**TASK TO CARRY OUT**
Would you please copy exactly the line with "Definition Lp_node (V" and all lines that follow it in the data below, through the last one?
BEGIN DATA SUPPLIED
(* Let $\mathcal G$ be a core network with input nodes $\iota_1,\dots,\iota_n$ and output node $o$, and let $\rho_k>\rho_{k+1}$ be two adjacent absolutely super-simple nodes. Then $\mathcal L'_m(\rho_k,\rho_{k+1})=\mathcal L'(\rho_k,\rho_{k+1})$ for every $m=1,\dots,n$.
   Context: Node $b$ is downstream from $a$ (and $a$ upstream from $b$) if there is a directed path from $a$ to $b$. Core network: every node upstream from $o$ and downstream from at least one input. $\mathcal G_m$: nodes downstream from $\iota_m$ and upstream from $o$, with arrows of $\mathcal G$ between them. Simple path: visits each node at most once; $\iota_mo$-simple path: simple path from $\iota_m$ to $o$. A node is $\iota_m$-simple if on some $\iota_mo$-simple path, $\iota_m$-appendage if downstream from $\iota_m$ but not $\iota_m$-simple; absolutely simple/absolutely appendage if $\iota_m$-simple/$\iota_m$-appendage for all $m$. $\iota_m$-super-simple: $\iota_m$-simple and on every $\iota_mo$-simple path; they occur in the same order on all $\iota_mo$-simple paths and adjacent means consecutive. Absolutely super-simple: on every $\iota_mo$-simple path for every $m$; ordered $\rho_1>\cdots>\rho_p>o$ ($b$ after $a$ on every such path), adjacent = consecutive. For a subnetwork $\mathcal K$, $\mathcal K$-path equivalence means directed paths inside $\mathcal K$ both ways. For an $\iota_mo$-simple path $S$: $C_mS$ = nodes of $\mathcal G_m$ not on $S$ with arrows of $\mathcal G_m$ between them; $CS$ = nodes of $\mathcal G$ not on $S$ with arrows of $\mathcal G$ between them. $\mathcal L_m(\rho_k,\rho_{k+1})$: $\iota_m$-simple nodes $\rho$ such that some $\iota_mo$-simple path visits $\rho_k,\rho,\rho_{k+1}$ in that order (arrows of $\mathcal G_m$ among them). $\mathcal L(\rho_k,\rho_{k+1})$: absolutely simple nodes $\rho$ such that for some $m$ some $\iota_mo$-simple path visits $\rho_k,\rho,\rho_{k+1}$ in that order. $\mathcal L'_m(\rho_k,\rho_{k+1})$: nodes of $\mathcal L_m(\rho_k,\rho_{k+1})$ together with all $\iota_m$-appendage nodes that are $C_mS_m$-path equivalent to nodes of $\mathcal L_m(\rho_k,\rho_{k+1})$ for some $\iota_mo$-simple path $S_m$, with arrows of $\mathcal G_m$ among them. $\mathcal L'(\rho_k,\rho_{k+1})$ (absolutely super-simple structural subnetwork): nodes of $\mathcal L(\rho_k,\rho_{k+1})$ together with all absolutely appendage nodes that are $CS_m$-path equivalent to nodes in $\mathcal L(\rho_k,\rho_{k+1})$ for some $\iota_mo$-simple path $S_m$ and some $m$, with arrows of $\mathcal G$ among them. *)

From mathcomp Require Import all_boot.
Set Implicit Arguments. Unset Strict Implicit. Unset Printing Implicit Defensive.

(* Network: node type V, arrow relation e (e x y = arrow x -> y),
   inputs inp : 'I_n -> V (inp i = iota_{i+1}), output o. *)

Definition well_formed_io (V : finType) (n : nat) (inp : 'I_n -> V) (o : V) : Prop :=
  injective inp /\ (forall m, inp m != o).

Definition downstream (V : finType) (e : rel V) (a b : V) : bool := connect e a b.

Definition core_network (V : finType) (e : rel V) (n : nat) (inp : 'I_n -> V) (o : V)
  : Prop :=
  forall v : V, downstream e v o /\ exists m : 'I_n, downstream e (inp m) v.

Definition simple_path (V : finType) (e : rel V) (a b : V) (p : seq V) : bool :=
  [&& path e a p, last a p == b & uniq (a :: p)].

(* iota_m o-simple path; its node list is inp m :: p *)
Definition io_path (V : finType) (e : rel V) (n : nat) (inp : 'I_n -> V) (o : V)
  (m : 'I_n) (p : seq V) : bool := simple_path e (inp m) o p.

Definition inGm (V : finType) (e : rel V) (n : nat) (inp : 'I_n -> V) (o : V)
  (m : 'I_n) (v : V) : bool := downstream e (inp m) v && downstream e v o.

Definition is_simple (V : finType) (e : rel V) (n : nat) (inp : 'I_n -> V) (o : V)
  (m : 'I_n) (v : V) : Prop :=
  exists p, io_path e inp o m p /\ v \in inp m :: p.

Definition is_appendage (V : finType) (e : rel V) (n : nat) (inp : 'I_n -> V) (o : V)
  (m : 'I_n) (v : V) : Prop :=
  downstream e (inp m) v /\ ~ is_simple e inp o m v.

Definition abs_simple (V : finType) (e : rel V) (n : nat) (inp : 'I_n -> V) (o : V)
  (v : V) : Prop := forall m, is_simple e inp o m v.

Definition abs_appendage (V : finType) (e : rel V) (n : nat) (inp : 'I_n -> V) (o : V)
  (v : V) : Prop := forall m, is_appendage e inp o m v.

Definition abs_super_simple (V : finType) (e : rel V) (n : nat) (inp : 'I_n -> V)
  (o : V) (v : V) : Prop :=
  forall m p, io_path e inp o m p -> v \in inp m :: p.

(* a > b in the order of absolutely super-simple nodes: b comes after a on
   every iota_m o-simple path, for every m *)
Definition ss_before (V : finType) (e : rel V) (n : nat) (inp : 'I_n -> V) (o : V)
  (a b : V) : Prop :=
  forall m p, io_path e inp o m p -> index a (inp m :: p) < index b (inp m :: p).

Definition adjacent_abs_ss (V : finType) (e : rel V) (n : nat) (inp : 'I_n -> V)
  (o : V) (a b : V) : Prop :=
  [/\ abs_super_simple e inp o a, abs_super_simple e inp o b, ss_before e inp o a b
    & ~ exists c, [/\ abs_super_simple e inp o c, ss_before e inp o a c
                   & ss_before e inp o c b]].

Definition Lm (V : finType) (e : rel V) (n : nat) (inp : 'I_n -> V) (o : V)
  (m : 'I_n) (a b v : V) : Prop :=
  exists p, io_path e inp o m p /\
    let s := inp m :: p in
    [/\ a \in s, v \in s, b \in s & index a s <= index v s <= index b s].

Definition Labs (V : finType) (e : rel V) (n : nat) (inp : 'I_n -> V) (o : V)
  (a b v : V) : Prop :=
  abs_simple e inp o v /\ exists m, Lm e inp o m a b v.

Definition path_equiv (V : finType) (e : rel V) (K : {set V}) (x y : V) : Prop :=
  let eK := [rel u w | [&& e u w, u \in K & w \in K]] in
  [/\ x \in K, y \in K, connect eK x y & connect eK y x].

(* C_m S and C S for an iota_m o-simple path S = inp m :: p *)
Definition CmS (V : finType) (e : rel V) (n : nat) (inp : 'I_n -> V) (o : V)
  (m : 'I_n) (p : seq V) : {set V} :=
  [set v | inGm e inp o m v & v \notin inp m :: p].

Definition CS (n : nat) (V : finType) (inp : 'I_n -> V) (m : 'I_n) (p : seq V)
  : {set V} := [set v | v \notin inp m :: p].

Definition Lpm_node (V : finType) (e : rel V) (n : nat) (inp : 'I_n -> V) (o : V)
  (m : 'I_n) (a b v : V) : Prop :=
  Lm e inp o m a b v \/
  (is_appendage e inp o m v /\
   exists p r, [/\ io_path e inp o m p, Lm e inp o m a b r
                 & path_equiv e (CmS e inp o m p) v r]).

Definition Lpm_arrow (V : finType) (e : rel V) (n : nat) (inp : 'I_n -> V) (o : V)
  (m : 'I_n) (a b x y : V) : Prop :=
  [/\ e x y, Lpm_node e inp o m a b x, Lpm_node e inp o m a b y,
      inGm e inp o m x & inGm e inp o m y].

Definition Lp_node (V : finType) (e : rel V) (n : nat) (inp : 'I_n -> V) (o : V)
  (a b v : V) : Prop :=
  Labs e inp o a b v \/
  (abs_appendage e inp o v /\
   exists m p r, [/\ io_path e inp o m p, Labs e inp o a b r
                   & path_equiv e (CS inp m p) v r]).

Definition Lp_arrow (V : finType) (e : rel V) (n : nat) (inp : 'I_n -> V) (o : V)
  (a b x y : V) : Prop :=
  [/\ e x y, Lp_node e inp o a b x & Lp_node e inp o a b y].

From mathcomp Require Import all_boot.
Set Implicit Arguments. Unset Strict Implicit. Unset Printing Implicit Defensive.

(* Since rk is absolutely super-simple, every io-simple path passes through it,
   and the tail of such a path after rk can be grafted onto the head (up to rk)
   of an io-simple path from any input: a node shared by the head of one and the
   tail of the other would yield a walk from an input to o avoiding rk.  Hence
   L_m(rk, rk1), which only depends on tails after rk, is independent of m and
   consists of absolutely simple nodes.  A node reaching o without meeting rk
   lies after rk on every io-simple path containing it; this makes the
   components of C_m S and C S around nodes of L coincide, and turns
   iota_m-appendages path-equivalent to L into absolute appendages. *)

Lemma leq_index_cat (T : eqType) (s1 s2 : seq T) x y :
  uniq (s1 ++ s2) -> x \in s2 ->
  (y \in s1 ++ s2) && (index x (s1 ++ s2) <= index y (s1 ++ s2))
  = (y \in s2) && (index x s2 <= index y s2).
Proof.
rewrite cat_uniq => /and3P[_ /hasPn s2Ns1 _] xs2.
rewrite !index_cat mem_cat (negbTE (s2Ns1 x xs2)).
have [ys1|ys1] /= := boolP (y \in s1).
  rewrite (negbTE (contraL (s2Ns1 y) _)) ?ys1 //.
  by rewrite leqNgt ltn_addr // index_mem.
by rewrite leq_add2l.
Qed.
END DATA SUPPLIED
**TASK RESULT**
Definition Lp_node (V : finType) (e : rel V) (n : nat) (inp : 'I_n -> V) (o : V)
  (a b v : V) : Prop :=
  Labs e inp o a b v \/
  (abs_appendage e inp o v /\
   exists m p r, [/\ io_path e inp o m p, Labs e inp o a b r
                   & path_equiv e (CS inp m p) v r]).

Definition Lp_arrow (V : finType) (e : rel V) (n : nat) (inp : 'I_n -> V) (o : V)
  (a b x y : V) : Prop :=
  [/\ e x y, Lp_node e inp o a b x & Lp_node e inp o a b y].

From mathcomp Require Import all_boot.
Set Implicit Arguments. Unset Strict Implicit. Unset Printing Implicit Defensive.

(* Since rk is absolutely super-simple, every io-simple path passes through it,
   and the tail of such a path after rk can be grafted onto the head (up to rk)
   of an io-simple path from any input: a node shared by the head of one and the
   tail of the other would yield a walk from an input to o avoiding rk.  Hence
   L_m(rk, rk1), which only depends on tails after rk, is independent of m and
   consists of absolutely simple nodes.  A node reaching o without meeting rk
   lies after rk on every io-simple path containing it; this makes the
   components of C_m S and C S around nodes of L coincide, and turns
   iota_m-appendages path-equivalent to L into absolute appendages. *)

Lemma leq_index_cat (T : eqType) (s1 s2 : seq T) x y :
  uniq (s1 ++ s2) -> x \in s2 ->
  (y \in s1 ++ s2) && (index x (s1 ++ s2) <= index y (s1 ++ s2))
  = (y \in s2) && (index x s2 <= index y s2).
Proof.
rewrite cat_uniq => /and3P[_ /hasPn s2Ns1 _] xs2.
rewrite !index_cat mem_cat (negbTE (s2Ns1 x xs2)).
have [ys1|ys1] /= := boolP (y \in s1).
  rewrite (negbTE (contraL (s2Ns1 y) _)) ?ys1 //.
  by rewrite leqNgt ltn_addr // index_mem.
by rewrite leq_add2l.
Qed.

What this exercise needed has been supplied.